#### MATERIAL PROVIDED ####

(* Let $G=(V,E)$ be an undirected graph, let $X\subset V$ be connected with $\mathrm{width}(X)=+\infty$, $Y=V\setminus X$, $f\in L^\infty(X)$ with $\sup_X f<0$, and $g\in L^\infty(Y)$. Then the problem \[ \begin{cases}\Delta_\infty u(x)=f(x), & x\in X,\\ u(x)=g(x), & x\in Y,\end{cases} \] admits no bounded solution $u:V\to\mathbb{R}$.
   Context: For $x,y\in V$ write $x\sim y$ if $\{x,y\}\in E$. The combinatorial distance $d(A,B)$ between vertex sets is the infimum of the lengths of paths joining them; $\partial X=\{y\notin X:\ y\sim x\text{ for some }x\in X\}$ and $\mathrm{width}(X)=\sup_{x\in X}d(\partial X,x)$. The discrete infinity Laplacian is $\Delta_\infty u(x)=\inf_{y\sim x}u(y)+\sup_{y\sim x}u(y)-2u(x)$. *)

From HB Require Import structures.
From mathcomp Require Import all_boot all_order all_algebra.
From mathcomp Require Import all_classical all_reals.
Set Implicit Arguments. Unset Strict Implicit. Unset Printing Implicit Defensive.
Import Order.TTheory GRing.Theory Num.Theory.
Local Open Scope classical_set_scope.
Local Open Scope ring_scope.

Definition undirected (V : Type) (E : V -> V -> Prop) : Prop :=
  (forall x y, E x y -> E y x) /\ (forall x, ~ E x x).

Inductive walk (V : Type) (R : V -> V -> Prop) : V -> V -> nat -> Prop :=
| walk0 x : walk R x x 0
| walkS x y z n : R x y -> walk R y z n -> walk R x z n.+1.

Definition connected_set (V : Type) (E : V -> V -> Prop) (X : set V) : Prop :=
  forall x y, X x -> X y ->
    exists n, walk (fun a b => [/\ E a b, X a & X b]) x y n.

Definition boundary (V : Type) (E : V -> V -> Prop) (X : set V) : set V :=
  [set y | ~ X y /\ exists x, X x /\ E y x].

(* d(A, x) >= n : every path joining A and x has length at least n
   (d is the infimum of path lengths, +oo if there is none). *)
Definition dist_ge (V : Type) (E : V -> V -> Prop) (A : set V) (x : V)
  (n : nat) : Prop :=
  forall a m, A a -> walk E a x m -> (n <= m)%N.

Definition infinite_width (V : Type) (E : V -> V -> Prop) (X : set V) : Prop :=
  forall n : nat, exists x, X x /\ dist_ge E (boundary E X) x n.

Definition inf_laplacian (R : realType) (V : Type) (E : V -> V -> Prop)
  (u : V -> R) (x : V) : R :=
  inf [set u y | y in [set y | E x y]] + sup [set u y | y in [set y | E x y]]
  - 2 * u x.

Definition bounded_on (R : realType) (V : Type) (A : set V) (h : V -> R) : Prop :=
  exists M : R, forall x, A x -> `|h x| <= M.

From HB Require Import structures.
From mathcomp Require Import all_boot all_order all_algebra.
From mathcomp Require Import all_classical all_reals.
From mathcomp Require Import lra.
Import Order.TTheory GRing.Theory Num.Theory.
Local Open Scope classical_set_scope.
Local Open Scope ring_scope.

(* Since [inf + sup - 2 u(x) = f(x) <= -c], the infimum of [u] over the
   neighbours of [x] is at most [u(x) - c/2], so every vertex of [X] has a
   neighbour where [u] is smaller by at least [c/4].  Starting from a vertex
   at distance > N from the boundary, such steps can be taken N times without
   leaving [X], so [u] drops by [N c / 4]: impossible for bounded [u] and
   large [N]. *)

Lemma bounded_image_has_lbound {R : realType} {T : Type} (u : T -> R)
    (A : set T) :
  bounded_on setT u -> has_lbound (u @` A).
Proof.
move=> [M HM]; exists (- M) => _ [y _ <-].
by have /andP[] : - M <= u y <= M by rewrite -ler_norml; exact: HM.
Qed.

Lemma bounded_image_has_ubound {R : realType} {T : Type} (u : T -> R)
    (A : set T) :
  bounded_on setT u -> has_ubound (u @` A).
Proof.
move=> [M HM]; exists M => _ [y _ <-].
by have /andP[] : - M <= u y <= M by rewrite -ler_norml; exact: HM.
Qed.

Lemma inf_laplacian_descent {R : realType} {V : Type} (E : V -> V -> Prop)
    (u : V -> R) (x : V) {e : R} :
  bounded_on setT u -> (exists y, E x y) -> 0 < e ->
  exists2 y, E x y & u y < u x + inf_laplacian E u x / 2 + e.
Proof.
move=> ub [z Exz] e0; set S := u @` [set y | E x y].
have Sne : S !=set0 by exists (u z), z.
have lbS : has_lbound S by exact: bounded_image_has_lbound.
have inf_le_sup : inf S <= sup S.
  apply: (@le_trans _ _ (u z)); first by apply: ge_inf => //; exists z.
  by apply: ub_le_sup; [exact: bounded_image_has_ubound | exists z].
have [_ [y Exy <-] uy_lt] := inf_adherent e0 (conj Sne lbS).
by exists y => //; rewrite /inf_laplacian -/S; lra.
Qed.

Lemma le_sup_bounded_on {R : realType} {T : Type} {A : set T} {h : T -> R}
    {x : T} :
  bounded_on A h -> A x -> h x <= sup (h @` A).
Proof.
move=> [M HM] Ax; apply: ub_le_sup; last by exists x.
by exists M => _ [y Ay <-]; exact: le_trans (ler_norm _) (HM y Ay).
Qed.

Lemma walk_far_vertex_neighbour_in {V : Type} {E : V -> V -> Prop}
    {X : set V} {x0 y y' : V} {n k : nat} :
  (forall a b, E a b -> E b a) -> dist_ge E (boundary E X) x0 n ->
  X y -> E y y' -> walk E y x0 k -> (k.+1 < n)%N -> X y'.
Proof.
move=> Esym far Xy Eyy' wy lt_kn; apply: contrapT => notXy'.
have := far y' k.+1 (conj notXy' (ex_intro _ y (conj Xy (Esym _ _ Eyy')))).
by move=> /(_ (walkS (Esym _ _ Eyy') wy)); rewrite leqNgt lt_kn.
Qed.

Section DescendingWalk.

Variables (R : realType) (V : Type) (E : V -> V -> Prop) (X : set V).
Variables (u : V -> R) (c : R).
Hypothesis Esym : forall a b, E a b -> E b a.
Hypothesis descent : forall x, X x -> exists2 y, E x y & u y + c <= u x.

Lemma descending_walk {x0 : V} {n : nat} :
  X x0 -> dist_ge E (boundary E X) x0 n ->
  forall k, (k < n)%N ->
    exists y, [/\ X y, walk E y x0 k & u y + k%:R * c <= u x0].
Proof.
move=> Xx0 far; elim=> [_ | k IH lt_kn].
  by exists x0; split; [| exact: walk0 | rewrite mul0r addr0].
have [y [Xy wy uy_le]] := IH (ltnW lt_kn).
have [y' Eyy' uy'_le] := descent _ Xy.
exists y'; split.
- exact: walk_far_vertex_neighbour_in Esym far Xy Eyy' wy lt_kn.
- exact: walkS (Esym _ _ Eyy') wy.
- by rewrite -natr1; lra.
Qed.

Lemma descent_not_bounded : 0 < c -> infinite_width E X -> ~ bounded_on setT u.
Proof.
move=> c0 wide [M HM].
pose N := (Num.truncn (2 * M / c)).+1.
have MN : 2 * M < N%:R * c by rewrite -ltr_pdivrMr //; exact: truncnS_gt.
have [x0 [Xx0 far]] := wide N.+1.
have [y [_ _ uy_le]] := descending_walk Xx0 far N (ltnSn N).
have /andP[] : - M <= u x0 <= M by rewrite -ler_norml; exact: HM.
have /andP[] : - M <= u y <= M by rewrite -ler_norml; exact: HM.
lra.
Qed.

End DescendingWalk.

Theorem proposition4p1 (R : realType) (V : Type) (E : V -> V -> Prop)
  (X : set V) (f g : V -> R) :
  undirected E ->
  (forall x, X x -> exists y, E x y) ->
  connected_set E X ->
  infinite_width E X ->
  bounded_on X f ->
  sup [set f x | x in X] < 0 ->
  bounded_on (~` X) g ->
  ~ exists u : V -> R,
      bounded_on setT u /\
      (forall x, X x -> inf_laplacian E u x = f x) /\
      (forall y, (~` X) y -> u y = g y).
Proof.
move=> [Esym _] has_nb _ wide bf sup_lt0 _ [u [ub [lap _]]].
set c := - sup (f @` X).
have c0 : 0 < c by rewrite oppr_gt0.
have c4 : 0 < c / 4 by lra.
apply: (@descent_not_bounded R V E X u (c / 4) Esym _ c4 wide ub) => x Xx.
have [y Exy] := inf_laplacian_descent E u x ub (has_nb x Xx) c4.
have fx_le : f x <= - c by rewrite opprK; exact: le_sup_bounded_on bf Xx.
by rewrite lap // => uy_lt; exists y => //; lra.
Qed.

####
#### MATERIAL PROVIDED ####

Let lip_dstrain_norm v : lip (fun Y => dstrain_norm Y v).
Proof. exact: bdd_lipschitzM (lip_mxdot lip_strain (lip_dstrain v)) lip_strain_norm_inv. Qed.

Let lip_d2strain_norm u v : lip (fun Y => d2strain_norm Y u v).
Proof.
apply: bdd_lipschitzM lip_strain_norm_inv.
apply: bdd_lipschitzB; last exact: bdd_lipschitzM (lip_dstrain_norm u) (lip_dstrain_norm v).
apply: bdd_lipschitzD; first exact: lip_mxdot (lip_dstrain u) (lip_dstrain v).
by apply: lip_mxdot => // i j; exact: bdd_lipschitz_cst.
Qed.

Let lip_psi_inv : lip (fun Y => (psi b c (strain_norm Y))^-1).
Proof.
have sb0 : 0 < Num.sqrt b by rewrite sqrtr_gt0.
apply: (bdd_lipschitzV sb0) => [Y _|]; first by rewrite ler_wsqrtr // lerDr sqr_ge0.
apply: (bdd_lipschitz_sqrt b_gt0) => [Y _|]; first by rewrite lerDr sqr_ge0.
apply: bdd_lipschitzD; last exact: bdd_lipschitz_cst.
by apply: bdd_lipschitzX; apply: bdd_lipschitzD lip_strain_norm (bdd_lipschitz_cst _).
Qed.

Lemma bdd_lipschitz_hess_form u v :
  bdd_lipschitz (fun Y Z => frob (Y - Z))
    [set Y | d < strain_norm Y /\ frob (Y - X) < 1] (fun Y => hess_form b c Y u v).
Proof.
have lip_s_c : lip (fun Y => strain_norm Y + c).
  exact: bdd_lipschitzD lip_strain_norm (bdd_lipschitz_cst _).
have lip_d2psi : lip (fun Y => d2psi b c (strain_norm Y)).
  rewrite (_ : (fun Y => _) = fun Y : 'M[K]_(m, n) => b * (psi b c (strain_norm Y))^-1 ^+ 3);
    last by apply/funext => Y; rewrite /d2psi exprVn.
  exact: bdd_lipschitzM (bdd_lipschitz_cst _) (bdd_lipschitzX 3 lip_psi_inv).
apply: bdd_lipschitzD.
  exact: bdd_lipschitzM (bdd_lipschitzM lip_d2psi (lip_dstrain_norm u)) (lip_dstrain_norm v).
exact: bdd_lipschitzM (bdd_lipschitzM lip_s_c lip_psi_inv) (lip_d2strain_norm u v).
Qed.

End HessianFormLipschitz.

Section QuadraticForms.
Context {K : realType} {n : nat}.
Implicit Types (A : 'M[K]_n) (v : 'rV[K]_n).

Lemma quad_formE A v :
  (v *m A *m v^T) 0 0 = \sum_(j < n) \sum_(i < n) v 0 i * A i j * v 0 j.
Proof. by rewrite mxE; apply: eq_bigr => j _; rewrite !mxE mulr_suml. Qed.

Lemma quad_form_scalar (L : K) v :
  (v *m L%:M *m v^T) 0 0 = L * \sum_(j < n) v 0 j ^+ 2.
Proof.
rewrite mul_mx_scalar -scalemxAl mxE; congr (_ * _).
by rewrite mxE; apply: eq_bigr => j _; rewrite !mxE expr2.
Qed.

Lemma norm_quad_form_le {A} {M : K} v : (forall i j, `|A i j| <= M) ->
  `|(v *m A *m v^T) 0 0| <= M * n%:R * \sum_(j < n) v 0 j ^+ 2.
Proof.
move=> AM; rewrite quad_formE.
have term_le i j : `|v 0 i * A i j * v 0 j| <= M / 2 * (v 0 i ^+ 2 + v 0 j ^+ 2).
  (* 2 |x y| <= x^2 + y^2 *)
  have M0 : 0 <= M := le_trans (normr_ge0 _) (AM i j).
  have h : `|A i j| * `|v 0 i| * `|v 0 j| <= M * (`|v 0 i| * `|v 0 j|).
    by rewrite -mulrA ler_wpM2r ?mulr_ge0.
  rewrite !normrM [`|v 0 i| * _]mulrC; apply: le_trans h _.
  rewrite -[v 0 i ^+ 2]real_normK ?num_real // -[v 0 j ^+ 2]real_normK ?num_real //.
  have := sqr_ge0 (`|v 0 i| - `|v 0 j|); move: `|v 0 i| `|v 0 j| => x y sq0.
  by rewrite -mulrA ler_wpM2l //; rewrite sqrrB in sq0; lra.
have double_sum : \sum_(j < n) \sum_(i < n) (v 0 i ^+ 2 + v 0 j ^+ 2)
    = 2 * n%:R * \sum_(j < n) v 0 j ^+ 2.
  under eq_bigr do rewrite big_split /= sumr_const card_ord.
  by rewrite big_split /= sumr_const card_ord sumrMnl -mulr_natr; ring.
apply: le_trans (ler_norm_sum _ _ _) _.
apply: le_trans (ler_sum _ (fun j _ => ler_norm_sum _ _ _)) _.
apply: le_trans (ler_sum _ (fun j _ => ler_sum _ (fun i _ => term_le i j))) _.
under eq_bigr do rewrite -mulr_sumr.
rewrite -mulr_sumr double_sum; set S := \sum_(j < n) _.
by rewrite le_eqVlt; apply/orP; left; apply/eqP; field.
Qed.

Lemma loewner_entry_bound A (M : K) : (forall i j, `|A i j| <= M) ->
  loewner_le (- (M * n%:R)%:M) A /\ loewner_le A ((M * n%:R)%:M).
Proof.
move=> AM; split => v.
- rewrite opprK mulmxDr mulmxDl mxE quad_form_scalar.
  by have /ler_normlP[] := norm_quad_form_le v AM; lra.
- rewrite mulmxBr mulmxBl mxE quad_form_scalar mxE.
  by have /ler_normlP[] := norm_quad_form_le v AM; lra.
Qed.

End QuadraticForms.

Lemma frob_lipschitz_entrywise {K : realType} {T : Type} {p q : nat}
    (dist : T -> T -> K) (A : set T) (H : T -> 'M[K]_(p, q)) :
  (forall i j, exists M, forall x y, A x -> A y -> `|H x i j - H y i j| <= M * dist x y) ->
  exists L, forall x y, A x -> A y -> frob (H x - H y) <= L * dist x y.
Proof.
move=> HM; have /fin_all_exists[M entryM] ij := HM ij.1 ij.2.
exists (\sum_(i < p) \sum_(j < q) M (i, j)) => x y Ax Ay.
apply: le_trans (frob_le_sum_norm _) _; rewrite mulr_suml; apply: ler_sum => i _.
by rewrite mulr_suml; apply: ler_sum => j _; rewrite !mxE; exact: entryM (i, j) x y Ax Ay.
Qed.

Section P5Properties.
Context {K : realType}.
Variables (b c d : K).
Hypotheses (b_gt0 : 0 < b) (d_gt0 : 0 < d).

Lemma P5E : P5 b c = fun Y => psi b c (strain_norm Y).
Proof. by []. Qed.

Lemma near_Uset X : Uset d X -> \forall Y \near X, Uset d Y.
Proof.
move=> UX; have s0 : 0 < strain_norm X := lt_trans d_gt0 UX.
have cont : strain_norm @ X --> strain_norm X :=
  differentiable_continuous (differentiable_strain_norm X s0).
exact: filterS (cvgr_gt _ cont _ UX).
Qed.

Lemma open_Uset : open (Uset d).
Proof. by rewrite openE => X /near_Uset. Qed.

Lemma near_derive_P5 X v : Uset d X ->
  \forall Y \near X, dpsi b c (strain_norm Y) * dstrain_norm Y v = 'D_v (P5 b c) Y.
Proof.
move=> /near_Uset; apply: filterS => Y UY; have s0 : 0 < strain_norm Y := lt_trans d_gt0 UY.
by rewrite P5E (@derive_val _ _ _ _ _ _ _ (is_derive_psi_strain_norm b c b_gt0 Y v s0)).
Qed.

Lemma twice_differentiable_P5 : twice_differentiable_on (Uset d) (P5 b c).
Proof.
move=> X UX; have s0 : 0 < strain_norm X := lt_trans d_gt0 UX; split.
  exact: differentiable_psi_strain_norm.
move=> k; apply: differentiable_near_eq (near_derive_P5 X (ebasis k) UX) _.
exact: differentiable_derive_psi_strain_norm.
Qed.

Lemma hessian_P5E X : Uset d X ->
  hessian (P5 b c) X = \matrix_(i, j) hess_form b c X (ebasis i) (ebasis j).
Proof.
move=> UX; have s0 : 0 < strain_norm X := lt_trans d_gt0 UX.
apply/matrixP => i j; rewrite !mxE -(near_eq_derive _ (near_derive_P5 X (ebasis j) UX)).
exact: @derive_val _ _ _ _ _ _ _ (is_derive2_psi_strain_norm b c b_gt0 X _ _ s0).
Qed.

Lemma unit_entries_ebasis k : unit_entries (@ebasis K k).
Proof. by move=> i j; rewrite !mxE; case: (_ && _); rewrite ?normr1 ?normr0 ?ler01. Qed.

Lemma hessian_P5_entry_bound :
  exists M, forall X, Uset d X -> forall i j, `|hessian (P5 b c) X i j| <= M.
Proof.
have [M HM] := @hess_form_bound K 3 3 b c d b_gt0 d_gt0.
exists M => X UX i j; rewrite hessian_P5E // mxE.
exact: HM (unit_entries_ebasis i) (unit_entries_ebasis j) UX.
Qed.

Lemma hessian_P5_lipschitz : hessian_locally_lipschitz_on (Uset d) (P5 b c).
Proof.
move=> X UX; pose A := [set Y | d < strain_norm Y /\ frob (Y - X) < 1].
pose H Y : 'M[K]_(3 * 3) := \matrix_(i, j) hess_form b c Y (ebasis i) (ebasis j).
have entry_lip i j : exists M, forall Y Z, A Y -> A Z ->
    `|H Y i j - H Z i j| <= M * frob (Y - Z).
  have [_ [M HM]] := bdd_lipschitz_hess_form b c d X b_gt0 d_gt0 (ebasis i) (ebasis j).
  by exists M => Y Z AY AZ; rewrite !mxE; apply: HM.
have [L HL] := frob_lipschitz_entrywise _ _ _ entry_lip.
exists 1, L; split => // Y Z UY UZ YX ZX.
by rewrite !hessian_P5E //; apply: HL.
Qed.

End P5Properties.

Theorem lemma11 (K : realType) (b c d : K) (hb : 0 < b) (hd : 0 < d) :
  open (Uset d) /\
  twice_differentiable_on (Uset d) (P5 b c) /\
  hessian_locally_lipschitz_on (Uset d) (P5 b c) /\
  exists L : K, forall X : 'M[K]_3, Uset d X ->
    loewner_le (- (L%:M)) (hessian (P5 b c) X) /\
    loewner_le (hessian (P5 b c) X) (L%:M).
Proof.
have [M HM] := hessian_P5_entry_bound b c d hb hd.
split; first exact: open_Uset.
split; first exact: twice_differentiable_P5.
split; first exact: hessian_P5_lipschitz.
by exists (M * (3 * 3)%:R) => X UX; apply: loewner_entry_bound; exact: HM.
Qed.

####

EXERCISE OBJECTIVE >> As the answer, set down only the lines from the data above between the one holding "exact: HM (unit_entries_ebasis" and the one holding "Theorem lemma11 (K", inclusive, exactly as they read.

SOLUTION TO THE PROBLEM >>
exact: HM (unit_entries_ebasis i) (unit_entries_ebasis j) UX.
Qed.

Lemma hessian_P5_lipschitz : hessian_locally_lipschitz_on (Uset d) (P5 b c).
Proof.
move=> X UX; pose A := [set Y | d < strain_norm Y /\ frob (Y - X) < 1].
pose H Y : 'M[K]_(3 * 3) := \matrix_(i, j) hess_form b c Y (ebasis i) (ebasis j).
have entry_lip i j : exists M, forall Y Z, A Y -> A Z ->
    `|H Y i j - H Z i j| <= M * frob (Y - Z).
  have [_ [M HM]] := bdd_lipschitz_hess_form b c d X b_gt0 d_gt0 (ebasis i) (ebasis j).
  by exists M => Y Z AY AZ; rewrite !mxE; apply: HM.
have [L HL] := frob_lipschitz_entrywise _ _ _ entry_lip.
exists 1, L; split => // Y Z UY UZ YX ZX.
by rewrite !hessian_P5E //; apply: HL.
Qed.

End P5Properties.

Theorem lemma11 (K : realType) (b c d : K) (hb : 0 < b) (hd : 0 < d) :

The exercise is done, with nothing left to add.